Burt Lesser acted as though it was some sort of party game, as if he were the permissive, good-humored trophy in a scavenger hunt. He wore a pale blue coverall suit with short sleeves and a tricky brass buckle and his initials in dark red on the breast pocket.

“Well, well, well,” he said, and took out a handkerchief and took off his heavy glasses, huffed on the lenses, and stood wiping them, looking at them all with an uncertain yet jolly look, his oval fleshy face naked without his glasses, and his belly thrusting the brass buckle forward with a look of comfortable arrogance.

Kat went to him quickly and said, “Burt, you know you’re
welcome here any time. We didn’t send Jackie out to bring you back.”

“Cowards,” Jackie said. “Sit right there, Burt boy. This is an inquisition. We’re getting tough. We’ve got some questions to ask.”

Burt sat on the couch. He put his glasses on and looked hesitantly at Jimmy Wing. “I’m not in a position to make any official statement.”

“This is off the record,” Jimmy said, “whatever you say, Burt.”

“Get him a drink, Kat,” Jackie said. “Then you all sit down. I’ll be Perry Mason.”

Jackie stalked slowly back and forth in front of Burt Lesser, scowling, darting fierce looks at him from time to time. She was the only one who didn’t seem to sense the awkwardness of the situation.

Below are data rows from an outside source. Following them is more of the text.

Lemma unit_interval_subseq (u : nat -> R) : (forall n, 0 <= u n <= 1) ->
  exists (phi : nat -> nat) (l : R),
    filterlim phi eventually eventually /\ is_lim_seq (fun n => u (phi n)) l.
Proof.
  intros Hu.
  destruct (Bolzano_Weierstrass u (fun c => 0 <= c <= 1) (compact_P3 0 1) Hu) as [l Hl].
  assert (Hsel : forall n, exists p, (n <= p)%nat /\ Rabs (u p - l) < / (INR n + 1)).
  { intros n. apply (Hl (fun t => Rabs (t - l) < / (INR n + 1))).
    exists (mkposreal _ (inv_succ_pos n)). intros t Ht. exact Ht. }
  destruct (choice _ Hsel) as [phi Hphi].
  exists phi, l. split.
  - apply filterlim_ge_id. intros n. apply Hphi.
  - apply is_lim_seq_inv_succ_bound. intros n. apply Hphi.
Qed.

Lemma in_closure_seq (S : R -> R -> Prop) (a d : R) : in_closure S a d ->
  exists a_ d_ : nat -> R,
    (forall n, S (a_ n) (d_ n)) /\ is_lim_seq a_ a /\ is_lim_seq d_ d.
Proof.
  intros Hcl.
  assert (Hsel : forall n, exists p : R * R,
    S (fst p) (snd p) /\ Rabs (fst p - a) < / (INR n + 1) /\ Rabs (snd p - d) < / (INR n + 1)).
  { intros n. destruct (Hcl _ (inv_succ_pos n)) as [a' [d' H]]. now exists (a', d'). }
  destruct (choice _ Hsel) as [p Hp].
  exists (fun n => fst (p n)), (fun n => snd (p n)). repeat split.
  - intros n. apply Hp.
  - apply is_lim_seq_inv_succ_bound. intros n. apply Hp.
  - apply is_lim_seq_inv_succ_bound. intros n. apply Hp.
Qed.
Theorem proposition2 (R : realType) (n : nat)
  (SS : set (set 'rV[R]_n))
  (SS_compact : forall T, SS T -> compact T)
  (SS_half : forall T (a : 'rV[R]_n) (b : R), SS T -> a != 0 ->
               SS (T `&` halfspace a b))
  (S : set 'rV[R]_n) (hS : SS S) (hSne : S !=set0)
  (c : 'rV[int]_n) (hc0 : c != 0) (hcp : rel_prime_entries c)
  (C : 'M[int]_n) (hC : lattice_basis R C)
  (hc1 : forall i : 'I_n, val i = 0%N -> row i C = c)
  (l : 'I_n -> int)
  (hl : forall i, exists2 m, is_minimum [set cdot C i x | x in S] m & l i = Num.ceil m)
  (t : 'rV[int]_n) (ht : forall i, cdot C i (intvec R t) = (l i)%:~R) :
  let S0 := step1_set C S t in
  (* every step (5) adds a valid cutting plane *)
  (forall (m : nat) (Sq : nat -> set 'rV[R]_n),
     Sq 0%N = S0 -> (forall p, (p < m)%N -> alg_step C (Sq p) (Sq p.+1)) ->
     forall (xb : 'rV[R]_n) (k : 'I_n),
       lexmin C (Sq m) xb -> ~ integral_pt xb -> first_nonint C xb k ->
       (forall x, Sq m x -> integral_pt x -> cut_plane C xb k x) /\ ~ cut_plane C xb k xb)
  /\
  (* finite termination: no infinite run, and the run stops after finitely
     many iterations *)
  (forall Sq : nat -> set 'rV[R]_n,
     Sq 0%N = S0 -> ~ (forall p, alg_step C (Sq p) (Sq p.+1)))
  /\
  (exists (M : nat) (Sq : nat -> set 'rV[R]_n),
     Sq 0%N = S0 /\ (forall p, (p < M)%N -> alg_step C (Sq p) (Sq p.+1)) /\
     alg_halts C (Sq M)).
Proof.
move=> S0; have cS0 : compact S0 by apply/compact_step1_set/SS_compact.
have no_infinite (Sq : nat -> set 'rV[R]_n) : Sq 0%N = S0 ->
    ~ (forall p, alg_step C (Sq p) (Sq p.+1)).
  by move=> Sq0; apply: no_infinite_run => i; rewrite Sq0; apply: compact_cdot_ub.
split; last by split => //; apply: halting_run_exists.
move=> m Sq Sq0 run xb k [Sxb xb_min] xb_nint k_first.
split=> [x Sx x_int|]; last exact: cut_plane_nmem.
have [_ Kxb] : S0 xb by rewrite -Sq0; apply: run_subset_init run _ Sxb.
have [_ Kx] : S0 x by rewrite -Sq0; apply: run_subset_init run _ Sx.
apply: (cut_plane_valid Kxb Kx x_int _ k_first); apply: xb_min => // x_xb.
by apply: xb_nint; rewrite -x_xb.
Qed.
(* Every WM set $S\subset\mathbb{N}$ contains an IP-set, i.e. there is a sequence $p_1,p_2,\dots$ of natural numbers such that $\{p_{i_1}+\dots+p_{i_k}: k\in\mathbb{N},\ i_1<\dots<i_k\}\subset S$.
   Context: $\mathbb{N}=\{1,2,\dots\}$. An IP-set is a set of the form $\{p_{i_1}+\dots+p_{i_k}: k\in\mathbb{N},\ i_1<\dots<i_k\}$ for an infinite sequence $(p_i)$ of natural numbers (not necessarily distinct). $\Omega=\{0,1\}^{\mathbb{N}}$ with product topology and left shift $T$; $X_{1_S}$ is the closure of $\{T^n1_S:n\ge0\}$. A point $\xi$ is generic for $(X,\mu,T)$ if $\frac1N\sum_{n=0}^{N-1}f(T^n\xi)\to\int f\,d\mu$ for all continuous $f$. $d(S)=\lim_N\frac1N|S\cap\{1,\dots,N\}|$. $S$ is a WM set if for some $T$-invariant Borel probability $\mu$ on $X_{1_S}$, $1_S$ is generic for $(X_{1_S},\mu,T)$, this system is weakly mixing, and $d(S)>0$. *)

From HB Require Import structures.
From mathcomp Require Import all_boot all_order all_algebra.
From mathcomp Require Import all_classical all_reals all_analysis.
Set Implicit Arguments. Unset Strict Implicit. Unset Printing Implicit Defensive.
Import Order.TTheory GRing.Theory Num.Theory numFieldNormedType.Exports.
Local Open Scope classical_set_scope.
Local Open Scope ring_scope.

(* Omega = {0,1}^N with the product topology: MathComp-Analysis' cantor_space
   (prod_topology of discrete bool over nat).  Coordinate k (0-based) of a
   point corresponds to the natural number k+1 of the paper. *)
Definition Omega : Type := cantor_space.

Definition OmegaB : Type := g_sigma_algebraType (@open cantor_space).

Definition shift (w : cantor_space) : cantor_space := fun k => w k.+1.

Definition indic (S : set nat) : cantor_space := fun k => `[< S k.+1 >].

Definition orbit_closure (xi : cantor_space) : set cantor_space :=
  closure [set iter n shift xi | n in [set: nat]].

(* mu is a T-invariant Borel probability measure on X (represented as a Borel
   probability on Omega giving full measure to the closed set X). *)
Definition invariant_prob_on (R : realType) (X : set OmegaB)
    (mu : probability OmegaB R) : Prop :=
  mu X = 1%E /\
  forall A : set OmegaB, measurable A -> A `<=` X ->
    mu (X `&` (shift : OmegaB -> OmegaB) @^-1` A) = mu A.

Definition generic (R : realType) (X : set OmegaB) (mu : probability OmegaB R)
    (xi : cantor_space) : Prop :=
  forall f : cantor_space -> R, {within X, continuous f} ->
    (fun N : nat => ((\sum_(n < N) f (iter n shift xi)) / N%:R)%:E) @ \oo
      --> (\int[mu]_(x in X) (f x)%:E)%E.

Definition weakly_mixing (R : realType) (X : set OmegaB)
    (mu : probability OmegaB R) : Prop :=
  forall A B : set OmegaB, measurable A -> measurable B -> A `<=` X -> B `<=` X ->
    (fun N : nat =>
       (\sum_(n < N)
          `| fine (mu (A `&` (X `&` (iter n shift : OmegaB -> OmegaB) @^-1` B)))
             - fine (mu A) * fine (mu B) |) / N%:R) @ \oo --> (0 : R).

Definition has_density (R : realType) (S : set nat) (d : R) : Prop :=
  (fun N : nat =>
     (\sum_(k < N) (if `[< S k.+1 >] then 1 else 0 : R)) / N%:R) @ \oo --> d.

Definition WM_set (R : realType) (S : set nat) : Prop :=
  exists mu : probability OmegaB R,
    invariant_prob_on (orbit_closure (indic S)) mu /\
    generic (orbit_closure (indic S)) mu (indic S) /\
    weakly_mixing (orbit_closure (indic S)) mu /\
    exists d : R, has_density S d /\ 0 < d.

Definition contains_IP_set (S : set nat) : Prop :=
  exists p : nat -> nat, (forall i, 0 < p i)%N /\
    forall s : seq nat, s != [::] -> sorted ltn s -> S (\sum_(i <- s) p i)%N.

From Pilot Require Import Defs.
From HB Require Import structures.
From mathcomp Require Import all_boot all_order all_algebra.
From mathcomp Require Import all_classical all_reals all_analysis.
From mathcomp Require Import lra.
Set Implicit Arguments. Unset Strict Implicit. Unset Printing Implicit Defensive.
Import Order.TTheory GRing.Theory Num.Theory numFieldNormedType.Exports.
Local Open Scope classical_set_scope.
Local Open Scope ring_scope.

(* For a finite L, let A_L be the set of points of X = X_{1_S} whose
   coordinates in L are all 1.  If mu(A_L) > 0, genericity says that the
   times n with T^n 1_S in A_L have density mu(A_L) > 0, while weak mixing
   says that mu(A_L cap T^-(n+1) A_L) is close to mu(A_L)^2 outside a set of
   times of density zero; so some visit time n has mu(A_L cap T^-p A_L) > 0
   with p = n + 1.  Then p + L lies in S and A_{L u (L+p)} has positive
   measure.  Starting from L = {0}, with mu(A_L) = d(S) > 0, and iterating
   produces p_1, p_2, ... all of whose finite sums lie in S. *)

Local Notation sh := Defs.shift.

Lemma sorted_ltn_rcons (t : seq nat) a :
  sorted ltn (rcons t a) = all (fun i => i < a)%N t && sorted ltn t.
Proof. by rewrite !(sorted_pairwise ltn_trans) pairwise_rcons. Qed.

Section IPBlocks.
Variable f : seq nat -> nat.

Fixpoint ip_blocks k : seq nat :=
  if k is k'.+1 then ip_blocks k' ++ [seq (j + f (ip_blocks k'))%N | j <- ip_blocks k']
  else [:: 0%N].

Lemma ip_blocks_sub k n : (k <= n)%N -> {subset ip_blocks k <= ip_blocks n}.
Proof.
move=> /subnK <-; elim: (n - k)%N => [//|m IH] j /IH.
by rewrite addSn /= mem_cat => ->.
Qed.

Lemma sum_mem_ip_blocks (t : seq nat) k :
  sorted ltn t -> all (fun i => i < k)%N t ->
  (\sum_(i <- t) f (ip_blocks i))%N \in ip_blocks k.
Proof.
elim/last_ind: t k => [k _ _|t a IH k].
  by rewrite big_nil; apply: (@ip_blocks_sub 0); rewrite ?mem_head.
rewrite sorted_ltn_rcons all_rcons => /andP[t_lt_a t_sorted] /andP[a_lt_k _].
apply: (ip_blocks_sub a_lt_k).
rewrite -cats1 big_cat big_seq1 /= mem_cat; apply/orP; right.
by apply: map_f; apply: IH.
Qed.

End IPBlocks.

Lemma contains_IP_set_of_refinement (S : set nat) (good : seq nat -> Prop) :
  good [:: 0%N] ->
  (forall L, good L -> exists p, [/\ (0 < p)%N,
     forall j, j \in L -> S (p + j)%N & good (L ++ [seq (j + p)%N | j <- L])]) ->
  contains_IP_set S.
Proof.
move=> good0 refine.
pose ok L p := [/\ (0 < p)%N,
  forall j, j \in L -> S (p + j)%N & good (L ++ [seq (j + p)%N | j <- L])].
have [f hf] : {f : seq nat -> nat & forall L, good L -> ok L (f L)}.
  apply: (@choice _ _ (fun L p => good L -> ok L p)) => L.
  have [/refine[p hp]|] := pselect (good L); first by exists p.
  by exists 0%N.
have good_blocks k : good (ip_blocks f k).
  by elim: k => [//|k IH]; case: (hf _ IH).
exists (fun k => f (ip_blocks f k)); split=> [i|s].
  by case: (hf _ (good_blocks i)).
case/lastP: s => [//|t a] _; rewrite sorted_ltn_rcons => /andP[t_lt_a t_sorted].
rewrite -cats1 big_cat big_seq1 /= addnC.
by case: (hf _ (good_blocks a)) => _ + _; apply; apply: sum_mem_ip_blocks.
Qed.

Lemma iter_shiftE n (x : cantor_space) j : iter n sh x j = x (j + n)%N.
Proof. by elim: n x j => [|n IH] x j; rewrite ?addn0 //= /Defs.shift IH addnS. Qed.

Lemma shift_continuous : continuous (sh : cantor_space -> cantor_space).
Proof.
move=> x; apply/cvg_sup => i.
apply: (@continuous_comp_initial cantor_space cantor_space bool (fun f => f i)).
by move=> y; apply: (@proj_continuous nat (fun _ => bool) i.+1).
Qed.

Lemma iter_shift_continuous n : continuous (iter n sh : cantor_space -> cantor_space).
Proof.
elim: n => [|n IH] x /=; first exact: cvg_id.
change (continuous_at x (sh \o iter n sh)).
by apply: continuous_comp; [exact: IH | exact: shift_continuous].
Qed.

Definition cylinder (L : seq nat) : set cantor_space := [set x | forall j, j \in L -> x j].

Lemma near_cylinder L (x : cantor_space) :
  \forall y \near x, (cylinder L y <-> cylinder L x).
Proof.
suff: \forall y \near x, forall j, j \in L -> y j = x j.
  by apply: filterS => y yx; split=> + j jL => /(_ j jL); rewrite yx.
elim: L => [|a L IH]; first exact: filterE.
have near_a : \forall y \near x, y a = x a.
  apply: (@proj_continuous nat (fun _ => bool) a x [set b | b = x a]).
  exact/principal_filterP.
apply: filterS (filterI near_a IH) => y [ya yL] j.
by rewrite in_cons => /orP[/eqP->|/yL].
Qed.

Lemma open_cylinder L : open (cylinder L).
Proof.
rewrite openE => x xL.
by apply: filterS (near_cylinder L x) => y [_]; apply.
Qed.

Lemma closed_cylinder L : closed (cylinder L).
Proof.
rewrite -openC openE => x xL.
by apply: filterS (near_cylinder L x) => y [yx _] /yx.
Qed.

Lemma continuous_indic_cylinder (R : realType) L :
  continuous (\1_(cylinder L) : cantor_space -> R).
Proof.
move=> x; apply: cvg_near_cst; apply: filterS (near_cylinder L x) => y yx.
by rewrite /indic; congr (nat_of_bool _)%:R; apply/idP/idP => /set_mem/yx/mem_set.
Qed.

Lemma open_measurable_Omega (A : set cantor_space) :
  open A -> measurable (A : set OmegaB).
Proof. exact: sub_sigma_algebra. Qed.

Lemma closed_measurable_Omega (A : set cantor_space) :
  closed A -> measurable (A : set OmegaB).
Proof.
move=> cA; rewrite -(setCK A); apply: measurableC; apply: open_measurable_Omega.
by rewrite openC.
Qed.

Lemma probability_fineK (R : realType) (mu : probability OmegaB R) (A : set OmegaB) :
  measurable A -> (fine (mu A))%:E = mu A.
Proof.
move=> mA; rewrite fineK // ge0_fin_numE ?measure_ge0 //.
by apply: le_lt_trans (probability_le1 _ mA) _; rewrite ltey.
Qed.

Lemma le_fine_probability (R : realType) (mu : probability OmegaB R) (A B : set OmegaB) :
  measurable A -> measurable B -> A `<=` B -> fine (mu A) <= fine (mu B).
Proof.
move=> mA mB AB; rewrite -lee_fin !probability_fineK //.
exact: le_measure (mem_set mA) (mem_set mB) AB.
Qed.

Lemma invr_le_twice_invS (R : realFieldType) (x : R) : 1 <= x -> x^-1 <= 2 / (x + 1).
Proof.
move=> x_ge1; have x_gt0 : 0 < x by apply: lt_le_trans x_ge1.
rewrite ler_pdivlMr ?ltr_wpDr // mulrDr mulVf ?gt_eqF // mulr1.
have : x^-1 <= 1 by rewrite invr_le1 // unitf_gt0.
lra.
Qed.

(* Otherwise t b_n <= e_(n+1) for all n, which forces
   t c <= 2 lim (1/(N+1)) sum_(n<=N) e_n = 0. *)
Lemma cesaro_support_meets_small_shift (R : realType) (b e : nat -> R) (c t : R) :
  0 < c -> 0 < t -> (forall n, 0 <= b n <= 1) -> (forall n, 0 <= e n) ->
  (fun N : nat => (\sum_(n < N) b n) / N%:R) @ \oo --> c ->
  (fun N : nat => (\sum_(n < N) e n) / N%:R) @ \oo --> 0 ->
  exists n, b n != 0 /\ e n.+1 < t.
Proof.
move=> c_gt0 t_gt0 b01 e_ge0 cvg_b cvg_e; apply: contrapT => no_n.
have tb_le_e n : t * b n <= e n.+1.
  have [->|bn0] := eqVneq (b n) 0; first by rewrite mulr0 e_ge0.
  rewrite leNgt; apply/negP => en_lt; apply: no_n; exists n; split=> //.
  apply: lt_le_trans en_lt _.
  by rewrite ler_piMr ?(ltW t_gt0) //; case/andP: (b01 n).
have cvg_tb : (fun N : nat => t * ((\sum_(n < N) b n) / N%:R)) @ \oo --> t * c.
  exact: cvgM (cvg_cst t) cvg_b.
have cvg_2e : (fun N : nat => 2 * ((\sum_(n < N.+1) e n) / N.+1%:R)) @ \oo --> (2 * 0 : R).
  apply: (cvgM (cvg_cst (2 : R))).
  by move: cvg_e; rewrite -(cvg_shiftS (fun N : nat => (\sum_(n < N) e n) / N%:R)).
suff : t * c <= 2 * 0 by rewrite mulr0 leNgt mulr_gt0.
apply: ler_cvg_to cvg_tb cvg_2e _; near=> N.
have N_ge1 : 1 <= N%:R :> R by rewrite ler1n; near: N; exists 1%N.
set E := \sum_(n < N.+1) e n.
have E_ge0 : 0 <= E by apply: sumr_ge0 => i _.
have tsum_le : t * \sum_(n < N) b n <= E.
  rewrite /E big_ord_recl /= mulr_sumr ler_wpDl //.
  by apply: ler_sum => i _; apply: tb_le_e.
rewrite mulrA; apply: (@le_trans _ _ (E / N%:R)).
  by apply: ler_wpM2r => //; rewrite invr_ge0 (le_trans _ N_ge1).
by rewrite mulrA [2 * E]mulrC -mulrA ler_wpM2l // -[N.+1%:R]natr1 invr_le_twice_invS.
Unshelve. all: by end_near.
Qed.

Lemma closed_orbit_closure (x : cantor_space) : closed (orbit_closure x).
Proof. exact: closed_closure. Qed.

Section WeakMixingReturns.
Variables (R : realType) (S : set nat) (mu : probability OmegaB R).
Local Notation xi := (Defs.indic S).
Local Notation X := (orbit_closure xi).
Hypothesis xi_generic : generic X mu xi.
Hypothesis mu_weakly_mixing : weakly_mixing X mu.

Lemma measurable_cylinderI L : measurable (cylinder L `&` X : set OmegaB).
Proof.
apply: measurableI; first by apply: open_measurable_Omega; apply: open_cylinder.
by apply: closed_measurable_Omega; apply: closed_orbit_closure.
Qed.

Lemma cvg_cesaro_visits L :
  (fun N : nat => (\sum_(n < N) (\1_(cylinder L) (iter n sh xi) : R)) / N%:R)
    @ \oo --> fine (mu (cylinder L `&` X)).
Proof.
have cont : {within X, continuous (\1_(cylinder L) : cantor_space -> R)}.
  by apply: continuous_subspaceT; apply: continuous_indic_cylinder.
move: (xi_generic cont); rewrite integral_indic; last 2 first.
- by apply: closed_measurable_Omega; apply: closed_orbit_closure.
- by apply: open_measurable_Omega; apply: open_cylinder.
move=> cvg_visits; apply: (@fine_cvg _ _ _ _ (fun N : nat =>
  ((\sum_(n < N) (\1_(cylinder L) (iter n sh xi) : R)) / N%:R)%:E)).
by rewrite probability_fineK //; apply: measurable_cylinderI.
Qed.

Lemma exists_return L : 0 < fine (mu (cylinder L `&` X)) ->
  exists m, cylinder L (iter m sh xi) /\
    0 < fine (mu ((cylinder L `&` X) `&` (X `&` iter m.+1 sh @^-1` (cylinder L `&` X)))).
Proof.
set A := cylinder L `&` X; set c := fine (mu A) => c_gt0.
have mA : measurable (A : set OmegaB) by exact: measurable_cylinderI.
have b01 n : 0 <= (\1_(cylinder L) (iter n sh xi) : R) <= 1.
  by rewrite /indic; case: (_ \in _); rewrite /= ?lexx ?ler01.
pose e n := `| fine (mu (A `&` (X `&` iter n sh @^-1` A))) - c * c |.
have [m [visit close]] := cesaro_support_meets_small_shift c_gt0 (mulr_gt0 c_gt0 c_gt0)
  b01 (fun n => normr_ge0 _ : 0 <= e n) (@cvg_cesaro_visits L)
  (mu_weakly_mixing mA mA (@subIsetr _ _ _) (@subIsetr _ _ _)).
exists m; split.
  by apply/set_mem; apply: contraNT visit => /negbTE; rewrite /indic => ->.
by move: close; rewrite ltr_norml => /andP[+ _]; lra.
Qed.

Lemma refine_cylinder L : 0 < fine (mu (cylinder L `&` X)) ->
  exists p, [/\ (0 < p)%N, forall j, j \in L -> S (p + j)%N &
    0 < fine (mu (cylinder (L ++ [seq (j + p)%N | j <- L]) `&` X))].
Proof.
move=> /exists_return[m [visit return_pos]]; exists m.+1; split=> //.
  move=> j /visit; rewrite iter_shiftE /Defs.indic => /asboolP.
  by rewrite addSn addnC.
apply: lt_le_trans return_pos (le_fine_probability _ _ _ _) => //.
- apply: closed_measurable_Omega; apply: closedI.
    by apply: closedI; [exact: closed_cylinder | exact: closed_orbit_closure].
  apply: closedI; first exact: closed_orbit_closure.
  apply: (continuous_closedP _).1; first exact: iter_shift_continuous.
  by apply: closedI; [exact: closed_cylinder | exact: closed_orbit_closure].
- exact: measurable_cylinderI.
move=> x [[xL xX] [_ [shiftxL _]]]; split=> // j; rewrite mem_cat => /orP[/xL //|].
by case/mapP => k kL ->; move: (shiftxL k kL); rewrite iter_shiftE.
Qed.

Lemma indic_cylinder0_orbit n :
  \1_(cylinder [:: 0%N]) (iter n sh xi) = (if `[< S n.+1 >] then 1 else 0 : R).
Proof.
rewrite /indic; have -> : (iter n sh xi \in cylinder [:: 0%N]) = `[< S n.+1 >].
  apply/idP/idP => [/set_mem/(_ 0%N (mem_head _ _))|Sn]; first by rewrite iter_shiftE.
  by apply/mem_set => j; rewrite inE => /eqP ->; rewrite iter_shiftE.
by case: asboolP.
Qed.

Lemma density_cylinder0 (d : R) : has_density S d ->
  fine (mu (cylinder [:: 0%N] `&` X)) = d.
Proof.
move=> dS; apply: (cvg_unique _ (@cvg_cesaro_visits [:: 0%N])) => //=.
by under eq_fun => N do under eq_bigr => n _ do rewrite indic_cylinder0_orbit.
Qed.

End WeakMixingReturns.

Theorem mainTheorem7 (R : realType) (S : set nat) :
  S `<=` [set n | (0 < n)%N] -> WM_set R S -> contains_IP_set S.
Proof.
move=> _ [mu [_ [generic_xi [wm [d [dS d_gt0]]]]]].
apply: (@contains_IP_set_of_refinement S
  (fun L => 0 < fine (mu (cylinder L `&` orbit_closure (Defs.indic S))))).
  by rewrite (density_cylinder0 generic_xi dS).
by move=> L; apply: refine_cylinder.
Qed.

“Now then,” she said, “are you the president of the Palmland Development Company?”

“Yes, I am.”

“Is it the purpose and intent of this company to fill Grassy Bay and make a lot of money?”

“Uh … to make a lot of money for everyone. Yes indeed.”

“You were not in favor of the Grassy Bay fill two years ago, Mr. Lesser. Is that true?”

“I wasn’t in favor of it. I didn’t … uh … actively oppose it, but I wasn’t in favor of it either. But this is a different situation.” He smiled at Kat and Ross and Jimmy, the smile of someone who is going along with a joke and wants to be appreciated.

“What’s so different about it?”

“Several things, Mrs. Halley. Several important things. We’re in a little business slump in Palm County, and we weren’t two years ago. This could be a tremendous shot in the arm. Also, having local people in control of it assures a real tasteful development.
We don’t want to foul our own nest, you might say. Palmland Isles will be a credit to the area in every sense of the word.”

“Is that what you’re calling it? Ugh!”

“In every sense of the word. And we shall place all possible contracts and orders right here in Palm County. I have close contact with all the businessmen in the area, Mrs. Halley. I can assure you that the support for Palmland Isles is overwhelming. I think that you people are … uh … doing a disservice to the community by trying to oppose it.”

Jackie paced for a few silent moments. She stopped, whirled, pointed her finger so energetically at Burt that it made him flinch. “You have the feeling that this project will go through?”